Aim of the task
Using the listing below, retype exactly the lines starting at the one with "by apply: mx_bounded_below_le" and ending at the one with "by field; rewrite lt0r_neq0.", and include both.

Data
※
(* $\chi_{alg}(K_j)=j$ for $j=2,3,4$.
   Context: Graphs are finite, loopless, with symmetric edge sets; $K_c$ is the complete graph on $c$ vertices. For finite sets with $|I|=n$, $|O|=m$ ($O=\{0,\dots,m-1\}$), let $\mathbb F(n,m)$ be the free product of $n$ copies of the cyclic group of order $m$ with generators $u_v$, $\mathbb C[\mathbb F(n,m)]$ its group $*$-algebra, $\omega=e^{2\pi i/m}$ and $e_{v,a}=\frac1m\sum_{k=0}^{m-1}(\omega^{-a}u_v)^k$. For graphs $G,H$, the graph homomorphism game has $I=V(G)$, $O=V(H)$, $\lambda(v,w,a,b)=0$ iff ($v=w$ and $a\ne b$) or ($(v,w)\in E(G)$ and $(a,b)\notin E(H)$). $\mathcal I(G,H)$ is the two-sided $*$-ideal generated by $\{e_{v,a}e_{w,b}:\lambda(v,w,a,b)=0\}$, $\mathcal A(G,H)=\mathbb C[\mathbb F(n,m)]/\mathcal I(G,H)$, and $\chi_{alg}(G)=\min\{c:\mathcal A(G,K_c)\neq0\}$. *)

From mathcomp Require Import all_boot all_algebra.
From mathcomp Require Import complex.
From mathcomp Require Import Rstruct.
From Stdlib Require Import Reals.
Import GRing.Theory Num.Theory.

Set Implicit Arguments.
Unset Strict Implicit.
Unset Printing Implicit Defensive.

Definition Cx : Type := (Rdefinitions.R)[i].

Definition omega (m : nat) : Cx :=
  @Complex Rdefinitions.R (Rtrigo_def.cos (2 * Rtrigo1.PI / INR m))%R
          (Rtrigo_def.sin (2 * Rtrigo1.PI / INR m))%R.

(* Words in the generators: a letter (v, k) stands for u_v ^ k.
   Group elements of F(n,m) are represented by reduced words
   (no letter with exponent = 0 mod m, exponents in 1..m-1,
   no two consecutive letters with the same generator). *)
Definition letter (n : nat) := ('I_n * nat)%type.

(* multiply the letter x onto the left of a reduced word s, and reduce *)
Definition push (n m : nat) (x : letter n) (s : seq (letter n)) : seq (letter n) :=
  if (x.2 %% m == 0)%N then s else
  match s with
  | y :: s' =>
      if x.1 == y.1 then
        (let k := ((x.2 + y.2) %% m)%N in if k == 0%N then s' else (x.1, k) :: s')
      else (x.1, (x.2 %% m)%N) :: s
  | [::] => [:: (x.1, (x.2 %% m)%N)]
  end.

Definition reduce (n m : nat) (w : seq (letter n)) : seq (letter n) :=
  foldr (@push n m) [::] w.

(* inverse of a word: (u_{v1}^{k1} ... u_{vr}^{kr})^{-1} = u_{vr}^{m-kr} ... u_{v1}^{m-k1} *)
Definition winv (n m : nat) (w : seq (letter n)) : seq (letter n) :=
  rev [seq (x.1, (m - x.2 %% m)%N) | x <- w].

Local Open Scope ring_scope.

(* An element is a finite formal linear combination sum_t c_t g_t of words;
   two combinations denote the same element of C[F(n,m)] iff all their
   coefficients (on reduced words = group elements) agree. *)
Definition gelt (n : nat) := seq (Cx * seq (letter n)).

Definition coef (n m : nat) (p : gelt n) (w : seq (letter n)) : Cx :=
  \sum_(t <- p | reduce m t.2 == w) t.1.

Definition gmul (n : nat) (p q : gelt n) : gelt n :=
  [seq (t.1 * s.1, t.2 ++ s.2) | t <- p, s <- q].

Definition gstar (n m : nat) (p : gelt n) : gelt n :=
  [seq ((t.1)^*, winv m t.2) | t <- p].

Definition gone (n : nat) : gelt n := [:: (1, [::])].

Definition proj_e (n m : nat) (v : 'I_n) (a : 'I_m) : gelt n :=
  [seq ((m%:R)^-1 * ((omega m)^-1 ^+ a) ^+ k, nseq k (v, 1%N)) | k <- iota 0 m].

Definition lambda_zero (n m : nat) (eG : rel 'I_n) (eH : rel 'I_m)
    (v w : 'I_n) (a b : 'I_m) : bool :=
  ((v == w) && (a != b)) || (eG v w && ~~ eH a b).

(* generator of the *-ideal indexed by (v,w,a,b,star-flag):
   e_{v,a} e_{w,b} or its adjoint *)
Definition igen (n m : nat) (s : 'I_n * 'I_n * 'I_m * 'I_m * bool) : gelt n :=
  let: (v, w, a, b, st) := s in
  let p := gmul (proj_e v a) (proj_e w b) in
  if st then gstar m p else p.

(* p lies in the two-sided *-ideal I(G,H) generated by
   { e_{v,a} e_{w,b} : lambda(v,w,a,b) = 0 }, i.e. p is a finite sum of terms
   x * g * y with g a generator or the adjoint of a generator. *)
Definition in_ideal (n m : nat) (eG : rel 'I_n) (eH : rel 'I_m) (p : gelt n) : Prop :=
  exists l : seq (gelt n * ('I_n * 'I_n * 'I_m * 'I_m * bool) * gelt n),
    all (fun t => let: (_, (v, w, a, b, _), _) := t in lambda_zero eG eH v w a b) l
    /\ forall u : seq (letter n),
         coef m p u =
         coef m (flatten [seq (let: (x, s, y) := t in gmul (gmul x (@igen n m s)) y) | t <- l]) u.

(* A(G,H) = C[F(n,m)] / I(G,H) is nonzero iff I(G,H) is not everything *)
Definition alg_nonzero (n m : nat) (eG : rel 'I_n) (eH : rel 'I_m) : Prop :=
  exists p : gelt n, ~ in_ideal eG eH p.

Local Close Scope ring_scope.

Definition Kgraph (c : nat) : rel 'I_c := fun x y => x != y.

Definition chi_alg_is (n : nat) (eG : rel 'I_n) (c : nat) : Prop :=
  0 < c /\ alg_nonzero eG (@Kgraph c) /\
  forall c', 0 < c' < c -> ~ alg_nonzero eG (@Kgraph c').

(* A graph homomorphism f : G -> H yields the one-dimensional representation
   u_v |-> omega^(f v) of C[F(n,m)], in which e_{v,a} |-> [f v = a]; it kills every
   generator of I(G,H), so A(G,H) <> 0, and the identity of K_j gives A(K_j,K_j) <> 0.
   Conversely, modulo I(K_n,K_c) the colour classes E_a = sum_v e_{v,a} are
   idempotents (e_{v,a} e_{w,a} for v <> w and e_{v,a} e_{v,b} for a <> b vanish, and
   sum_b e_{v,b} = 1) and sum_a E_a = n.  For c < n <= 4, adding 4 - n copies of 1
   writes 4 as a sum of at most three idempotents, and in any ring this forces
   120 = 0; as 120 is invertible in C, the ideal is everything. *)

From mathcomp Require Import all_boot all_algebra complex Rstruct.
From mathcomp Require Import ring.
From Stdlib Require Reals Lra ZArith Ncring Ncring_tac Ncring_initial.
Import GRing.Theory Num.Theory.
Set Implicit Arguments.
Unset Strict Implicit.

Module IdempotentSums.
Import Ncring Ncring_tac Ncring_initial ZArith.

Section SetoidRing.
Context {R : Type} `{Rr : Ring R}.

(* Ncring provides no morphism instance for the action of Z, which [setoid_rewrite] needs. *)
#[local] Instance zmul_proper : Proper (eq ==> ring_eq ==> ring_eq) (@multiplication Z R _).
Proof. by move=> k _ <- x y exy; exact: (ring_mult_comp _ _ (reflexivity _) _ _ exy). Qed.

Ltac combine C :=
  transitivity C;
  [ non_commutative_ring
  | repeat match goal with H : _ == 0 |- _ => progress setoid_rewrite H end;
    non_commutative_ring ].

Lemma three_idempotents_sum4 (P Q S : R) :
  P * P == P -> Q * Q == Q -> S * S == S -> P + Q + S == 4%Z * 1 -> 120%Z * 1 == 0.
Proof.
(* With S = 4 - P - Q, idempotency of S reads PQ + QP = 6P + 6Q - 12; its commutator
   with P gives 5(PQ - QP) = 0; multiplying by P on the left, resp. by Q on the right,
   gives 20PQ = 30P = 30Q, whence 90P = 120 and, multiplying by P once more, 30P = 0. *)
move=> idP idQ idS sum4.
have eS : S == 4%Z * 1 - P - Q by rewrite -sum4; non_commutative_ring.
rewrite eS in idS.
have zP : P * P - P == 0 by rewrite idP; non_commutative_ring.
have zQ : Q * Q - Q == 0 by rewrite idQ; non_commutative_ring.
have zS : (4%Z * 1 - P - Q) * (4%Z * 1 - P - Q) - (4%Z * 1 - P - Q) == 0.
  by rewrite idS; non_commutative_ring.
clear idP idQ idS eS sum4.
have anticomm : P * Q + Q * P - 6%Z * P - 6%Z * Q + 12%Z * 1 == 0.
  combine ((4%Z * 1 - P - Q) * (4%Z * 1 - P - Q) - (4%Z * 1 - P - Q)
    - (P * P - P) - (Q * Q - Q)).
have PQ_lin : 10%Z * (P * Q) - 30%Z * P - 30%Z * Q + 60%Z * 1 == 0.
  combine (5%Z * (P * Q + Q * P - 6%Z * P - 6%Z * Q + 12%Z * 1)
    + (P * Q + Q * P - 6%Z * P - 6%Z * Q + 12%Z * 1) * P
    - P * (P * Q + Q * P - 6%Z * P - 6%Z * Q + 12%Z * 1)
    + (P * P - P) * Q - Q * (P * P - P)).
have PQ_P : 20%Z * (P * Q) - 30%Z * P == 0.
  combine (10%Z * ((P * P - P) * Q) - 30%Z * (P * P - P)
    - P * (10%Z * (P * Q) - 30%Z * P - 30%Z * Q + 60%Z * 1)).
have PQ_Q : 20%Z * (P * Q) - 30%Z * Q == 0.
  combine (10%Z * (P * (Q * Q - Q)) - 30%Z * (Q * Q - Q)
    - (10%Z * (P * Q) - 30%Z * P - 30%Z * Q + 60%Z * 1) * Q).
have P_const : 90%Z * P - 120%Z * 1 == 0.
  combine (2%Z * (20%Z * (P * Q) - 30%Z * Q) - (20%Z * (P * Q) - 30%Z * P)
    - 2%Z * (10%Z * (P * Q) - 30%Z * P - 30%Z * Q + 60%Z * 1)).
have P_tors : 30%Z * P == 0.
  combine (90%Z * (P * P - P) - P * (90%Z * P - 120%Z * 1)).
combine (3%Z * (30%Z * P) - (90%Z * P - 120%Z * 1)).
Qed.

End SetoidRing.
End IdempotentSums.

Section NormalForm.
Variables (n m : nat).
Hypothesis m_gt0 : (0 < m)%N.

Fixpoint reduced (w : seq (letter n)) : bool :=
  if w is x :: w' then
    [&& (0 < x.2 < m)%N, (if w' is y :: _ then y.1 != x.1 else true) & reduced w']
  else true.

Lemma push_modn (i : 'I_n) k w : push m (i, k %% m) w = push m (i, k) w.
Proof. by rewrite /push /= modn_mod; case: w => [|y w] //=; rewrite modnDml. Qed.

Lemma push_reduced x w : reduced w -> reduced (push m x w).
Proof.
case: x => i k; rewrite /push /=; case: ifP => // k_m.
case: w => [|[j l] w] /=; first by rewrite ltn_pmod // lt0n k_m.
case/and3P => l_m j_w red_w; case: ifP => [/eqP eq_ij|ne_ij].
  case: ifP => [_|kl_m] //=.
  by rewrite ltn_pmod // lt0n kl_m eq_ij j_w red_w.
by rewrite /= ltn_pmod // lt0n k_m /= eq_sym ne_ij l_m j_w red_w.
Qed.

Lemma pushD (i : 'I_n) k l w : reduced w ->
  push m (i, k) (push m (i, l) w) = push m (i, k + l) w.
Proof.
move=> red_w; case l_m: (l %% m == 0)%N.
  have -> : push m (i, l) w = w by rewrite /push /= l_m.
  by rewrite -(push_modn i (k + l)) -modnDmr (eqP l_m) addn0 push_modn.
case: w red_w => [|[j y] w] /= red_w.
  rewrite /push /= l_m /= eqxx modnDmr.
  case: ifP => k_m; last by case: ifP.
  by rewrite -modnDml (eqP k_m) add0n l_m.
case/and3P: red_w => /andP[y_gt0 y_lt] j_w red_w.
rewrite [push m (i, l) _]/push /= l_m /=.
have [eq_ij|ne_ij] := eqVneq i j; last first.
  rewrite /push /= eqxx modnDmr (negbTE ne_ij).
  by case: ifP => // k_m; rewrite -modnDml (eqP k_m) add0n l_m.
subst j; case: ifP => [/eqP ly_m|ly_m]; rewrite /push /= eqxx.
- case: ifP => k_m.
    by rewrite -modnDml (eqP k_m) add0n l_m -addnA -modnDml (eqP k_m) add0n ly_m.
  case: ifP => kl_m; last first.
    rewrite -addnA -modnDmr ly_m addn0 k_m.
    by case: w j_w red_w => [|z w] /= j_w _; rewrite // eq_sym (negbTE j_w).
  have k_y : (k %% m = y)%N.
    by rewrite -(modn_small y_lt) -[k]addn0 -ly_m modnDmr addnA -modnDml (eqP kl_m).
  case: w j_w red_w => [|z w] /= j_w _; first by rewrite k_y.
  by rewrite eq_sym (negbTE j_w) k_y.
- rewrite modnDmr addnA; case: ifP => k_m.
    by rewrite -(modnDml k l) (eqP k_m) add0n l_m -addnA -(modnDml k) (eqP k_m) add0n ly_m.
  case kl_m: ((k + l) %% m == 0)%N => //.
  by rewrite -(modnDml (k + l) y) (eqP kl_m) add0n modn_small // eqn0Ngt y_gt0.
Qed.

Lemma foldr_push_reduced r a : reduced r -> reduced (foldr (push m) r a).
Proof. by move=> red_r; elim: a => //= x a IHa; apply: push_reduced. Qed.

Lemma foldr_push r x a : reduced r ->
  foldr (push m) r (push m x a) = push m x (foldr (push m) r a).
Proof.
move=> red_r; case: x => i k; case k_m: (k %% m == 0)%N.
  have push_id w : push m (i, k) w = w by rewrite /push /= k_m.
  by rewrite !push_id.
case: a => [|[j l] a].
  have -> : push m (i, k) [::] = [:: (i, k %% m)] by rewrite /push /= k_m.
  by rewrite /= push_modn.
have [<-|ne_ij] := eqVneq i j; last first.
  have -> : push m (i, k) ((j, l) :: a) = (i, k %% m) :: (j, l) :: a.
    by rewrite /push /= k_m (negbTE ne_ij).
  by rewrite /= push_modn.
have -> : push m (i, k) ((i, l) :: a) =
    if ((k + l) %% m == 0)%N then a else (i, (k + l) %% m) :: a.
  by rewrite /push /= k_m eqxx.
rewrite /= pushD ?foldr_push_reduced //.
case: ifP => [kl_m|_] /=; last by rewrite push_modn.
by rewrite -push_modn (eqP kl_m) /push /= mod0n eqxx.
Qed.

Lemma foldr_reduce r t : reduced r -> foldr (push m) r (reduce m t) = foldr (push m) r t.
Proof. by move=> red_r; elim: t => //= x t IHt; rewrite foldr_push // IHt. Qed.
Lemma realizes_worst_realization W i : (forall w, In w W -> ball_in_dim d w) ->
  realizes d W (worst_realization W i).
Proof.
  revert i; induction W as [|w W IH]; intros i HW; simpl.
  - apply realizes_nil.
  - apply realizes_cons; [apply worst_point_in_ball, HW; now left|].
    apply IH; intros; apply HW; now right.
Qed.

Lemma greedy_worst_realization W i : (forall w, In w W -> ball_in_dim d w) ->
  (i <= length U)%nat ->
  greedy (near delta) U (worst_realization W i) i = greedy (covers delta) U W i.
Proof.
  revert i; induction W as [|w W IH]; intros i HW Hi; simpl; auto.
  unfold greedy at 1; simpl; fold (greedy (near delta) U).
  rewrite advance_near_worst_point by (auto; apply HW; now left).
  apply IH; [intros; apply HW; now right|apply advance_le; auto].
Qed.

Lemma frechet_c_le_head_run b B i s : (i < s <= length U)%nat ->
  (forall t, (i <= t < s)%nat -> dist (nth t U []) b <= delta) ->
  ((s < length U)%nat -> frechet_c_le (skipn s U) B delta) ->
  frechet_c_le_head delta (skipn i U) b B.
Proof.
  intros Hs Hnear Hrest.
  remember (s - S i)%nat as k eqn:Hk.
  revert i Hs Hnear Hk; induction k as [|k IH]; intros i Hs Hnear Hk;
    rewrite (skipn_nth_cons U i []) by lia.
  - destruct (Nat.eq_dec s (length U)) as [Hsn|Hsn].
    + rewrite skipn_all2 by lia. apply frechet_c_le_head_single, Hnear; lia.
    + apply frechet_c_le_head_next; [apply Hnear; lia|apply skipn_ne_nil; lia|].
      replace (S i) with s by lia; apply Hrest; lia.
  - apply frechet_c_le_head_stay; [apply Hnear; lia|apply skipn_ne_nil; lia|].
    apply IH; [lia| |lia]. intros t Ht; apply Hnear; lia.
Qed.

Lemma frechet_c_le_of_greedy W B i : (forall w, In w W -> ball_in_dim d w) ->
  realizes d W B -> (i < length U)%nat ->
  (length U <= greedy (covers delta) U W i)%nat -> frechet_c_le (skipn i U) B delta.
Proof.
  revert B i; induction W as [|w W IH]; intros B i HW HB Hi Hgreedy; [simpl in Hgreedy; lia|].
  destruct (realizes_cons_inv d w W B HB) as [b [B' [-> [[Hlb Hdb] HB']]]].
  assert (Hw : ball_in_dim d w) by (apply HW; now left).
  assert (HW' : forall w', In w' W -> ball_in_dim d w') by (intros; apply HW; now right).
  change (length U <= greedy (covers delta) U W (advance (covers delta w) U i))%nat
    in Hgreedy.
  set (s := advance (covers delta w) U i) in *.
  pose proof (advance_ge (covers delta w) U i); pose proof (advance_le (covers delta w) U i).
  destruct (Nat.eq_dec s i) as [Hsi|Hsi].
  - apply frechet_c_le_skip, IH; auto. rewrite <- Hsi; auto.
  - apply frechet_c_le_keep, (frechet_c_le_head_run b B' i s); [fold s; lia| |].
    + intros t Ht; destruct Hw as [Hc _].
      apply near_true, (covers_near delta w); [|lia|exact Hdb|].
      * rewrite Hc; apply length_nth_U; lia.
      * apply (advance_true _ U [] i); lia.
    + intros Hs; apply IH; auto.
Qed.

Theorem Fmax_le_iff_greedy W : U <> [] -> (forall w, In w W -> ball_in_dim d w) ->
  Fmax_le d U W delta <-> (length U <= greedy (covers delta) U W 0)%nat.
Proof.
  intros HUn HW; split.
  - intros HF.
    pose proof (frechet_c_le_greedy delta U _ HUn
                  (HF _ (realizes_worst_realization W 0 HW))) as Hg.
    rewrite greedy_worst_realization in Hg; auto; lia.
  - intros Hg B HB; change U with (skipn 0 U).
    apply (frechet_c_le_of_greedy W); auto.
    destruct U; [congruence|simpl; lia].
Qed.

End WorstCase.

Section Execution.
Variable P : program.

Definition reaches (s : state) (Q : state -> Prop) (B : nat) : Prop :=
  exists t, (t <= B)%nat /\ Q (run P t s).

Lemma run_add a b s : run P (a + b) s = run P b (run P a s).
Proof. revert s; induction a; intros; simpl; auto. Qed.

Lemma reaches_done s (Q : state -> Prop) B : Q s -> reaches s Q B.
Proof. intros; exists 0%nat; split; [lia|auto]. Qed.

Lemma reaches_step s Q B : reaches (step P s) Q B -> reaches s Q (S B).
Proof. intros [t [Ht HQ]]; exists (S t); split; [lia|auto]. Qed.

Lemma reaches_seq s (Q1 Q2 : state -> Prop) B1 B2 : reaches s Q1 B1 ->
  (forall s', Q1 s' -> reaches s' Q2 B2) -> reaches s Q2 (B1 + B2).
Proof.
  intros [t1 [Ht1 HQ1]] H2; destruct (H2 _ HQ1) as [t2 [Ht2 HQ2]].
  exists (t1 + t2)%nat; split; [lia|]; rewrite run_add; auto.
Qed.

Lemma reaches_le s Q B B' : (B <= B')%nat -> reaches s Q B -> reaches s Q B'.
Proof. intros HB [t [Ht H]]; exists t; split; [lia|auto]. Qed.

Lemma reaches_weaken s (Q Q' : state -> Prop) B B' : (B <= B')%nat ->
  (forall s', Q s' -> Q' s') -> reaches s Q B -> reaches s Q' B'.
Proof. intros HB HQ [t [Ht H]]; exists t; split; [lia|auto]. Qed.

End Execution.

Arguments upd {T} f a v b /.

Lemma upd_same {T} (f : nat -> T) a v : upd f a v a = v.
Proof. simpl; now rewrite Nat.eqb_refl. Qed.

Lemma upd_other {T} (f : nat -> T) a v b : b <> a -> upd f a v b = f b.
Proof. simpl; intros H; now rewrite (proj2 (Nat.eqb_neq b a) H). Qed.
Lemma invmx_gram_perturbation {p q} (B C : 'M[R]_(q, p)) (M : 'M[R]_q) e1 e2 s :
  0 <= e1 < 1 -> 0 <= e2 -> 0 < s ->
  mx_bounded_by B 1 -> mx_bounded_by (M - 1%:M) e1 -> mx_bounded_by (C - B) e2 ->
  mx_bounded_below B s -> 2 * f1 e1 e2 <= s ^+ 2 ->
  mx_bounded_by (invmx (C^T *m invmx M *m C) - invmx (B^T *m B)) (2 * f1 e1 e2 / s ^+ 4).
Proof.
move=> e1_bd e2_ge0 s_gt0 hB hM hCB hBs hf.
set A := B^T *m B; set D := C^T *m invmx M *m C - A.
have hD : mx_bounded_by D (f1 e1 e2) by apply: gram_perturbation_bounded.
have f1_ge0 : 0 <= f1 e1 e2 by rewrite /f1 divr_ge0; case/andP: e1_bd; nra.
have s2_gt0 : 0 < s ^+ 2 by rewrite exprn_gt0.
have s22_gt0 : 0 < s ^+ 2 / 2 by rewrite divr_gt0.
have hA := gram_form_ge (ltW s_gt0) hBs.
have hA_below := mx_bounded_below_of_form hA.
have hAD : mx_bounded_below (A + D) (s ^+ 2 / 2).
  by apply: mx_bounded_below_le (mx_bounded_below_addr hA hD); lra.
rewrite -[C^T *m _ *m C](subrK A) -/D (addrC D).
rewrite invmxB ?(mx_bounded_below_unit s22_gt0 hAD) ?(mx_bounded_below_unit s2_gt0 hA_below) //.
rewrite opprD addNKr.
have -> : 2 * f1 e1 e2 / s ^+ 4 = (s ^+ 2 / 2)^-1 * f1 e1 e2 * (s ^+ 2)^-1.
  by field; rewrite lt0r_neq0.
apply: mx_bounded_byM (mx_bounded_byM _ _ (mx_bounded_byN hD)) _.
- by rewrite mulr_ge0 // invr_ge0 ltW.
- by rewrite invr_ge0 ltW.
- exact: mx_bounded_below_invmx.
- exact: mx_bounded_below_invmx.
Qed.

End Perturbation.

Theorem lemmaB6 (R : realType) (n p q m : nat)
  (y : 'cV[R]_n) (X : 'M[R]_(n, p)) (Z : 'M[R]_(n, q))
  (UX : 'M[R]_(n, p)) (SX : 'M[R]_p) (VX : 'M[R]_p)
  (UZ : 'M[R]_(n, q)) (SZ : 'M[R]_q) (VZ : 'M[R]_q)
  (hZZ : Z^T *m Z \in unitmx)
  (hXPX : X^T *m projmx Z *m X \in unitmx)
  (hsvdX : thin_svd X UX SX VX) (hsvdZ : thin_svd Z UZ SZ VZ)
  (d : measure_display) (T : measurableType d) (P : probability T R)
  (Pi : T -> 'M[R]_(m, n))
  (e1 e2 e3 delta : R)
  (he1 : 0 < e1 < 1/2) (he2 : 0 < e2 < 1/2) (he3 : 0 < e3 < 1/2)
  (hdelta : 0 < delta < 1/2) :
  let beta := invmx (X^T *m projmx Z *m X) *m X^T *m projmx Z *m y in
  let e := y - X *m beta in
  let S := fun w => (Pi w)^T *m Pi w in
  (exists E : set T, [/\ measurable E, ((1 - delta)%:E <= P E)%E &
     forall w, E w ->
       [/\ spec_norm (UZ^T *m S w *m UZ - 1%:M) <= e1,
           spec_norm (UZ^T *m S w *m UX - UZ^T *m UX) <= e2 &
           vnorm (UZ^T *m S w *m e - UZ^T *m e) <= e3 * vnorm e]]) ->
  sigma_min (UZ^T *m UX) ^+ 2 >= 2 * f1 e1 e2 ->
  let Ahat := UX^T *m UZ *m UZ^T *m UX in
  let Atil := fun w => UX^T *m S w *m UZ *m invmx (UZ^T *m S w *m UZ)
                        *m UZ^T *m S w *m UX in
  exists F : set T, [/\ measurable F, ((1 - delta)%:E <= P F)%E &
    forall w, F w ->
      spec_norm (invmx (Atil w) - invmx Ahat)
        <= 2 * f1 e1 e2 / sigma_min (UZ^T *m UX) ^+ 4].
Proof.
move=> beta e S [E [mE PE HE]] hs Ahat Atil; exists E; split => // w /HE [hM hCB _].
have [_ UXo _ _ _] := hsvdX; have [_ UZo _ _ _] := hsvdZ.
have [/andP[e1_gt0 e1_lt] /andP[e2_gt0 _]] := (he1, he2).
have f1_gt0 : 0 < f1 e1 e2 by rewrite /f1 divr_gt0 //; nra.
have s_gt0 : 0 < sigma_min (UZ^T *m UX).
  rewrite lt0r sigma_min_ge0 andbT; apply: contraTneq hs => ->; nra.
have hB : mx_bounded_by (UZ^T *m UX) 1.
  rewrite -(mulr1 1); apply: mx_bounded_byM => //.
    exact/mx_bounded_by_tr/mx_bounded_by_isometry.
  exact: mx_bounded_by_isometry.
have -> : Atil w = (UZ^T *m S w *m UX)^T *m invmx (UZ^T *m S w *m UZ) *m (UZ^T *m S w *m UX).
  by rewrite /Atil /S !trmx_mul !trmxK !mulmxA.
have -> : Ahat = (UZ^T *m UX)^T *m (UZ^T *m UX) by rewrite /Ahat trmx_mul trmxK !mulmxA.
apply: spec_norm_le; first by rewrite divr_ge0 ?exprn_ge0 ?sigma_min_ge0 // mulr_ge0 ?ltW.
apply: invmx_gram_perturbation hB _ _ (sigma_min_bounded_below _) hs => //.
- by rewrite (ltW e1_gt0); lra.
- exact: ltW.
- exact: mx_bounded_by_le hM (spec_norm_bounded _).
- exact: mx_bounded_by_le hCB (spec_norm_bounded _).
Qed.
※
Response to this exercise
  by apply: mx_bounded_below_le (mx_bounded_below_addr hA hD); lra.
rewrite -[C^T *m _ *m C](subrK A) -/D (addrC D).
rewrite invmxB ?(mx_bounded_below_unit s22_gt0 hAD) ?(mx_bounded_below_unit s2_gt0 hA_below) //.
rewrite opprD addNKr.
have -> : 2 * f1 e1 e2 / s ^+ 4 = (s ^+ 2 / 2)^-1 * f1 e1 e2 * (s ^+ 2)^-1.
  by field; rewrite lt0r_neq0.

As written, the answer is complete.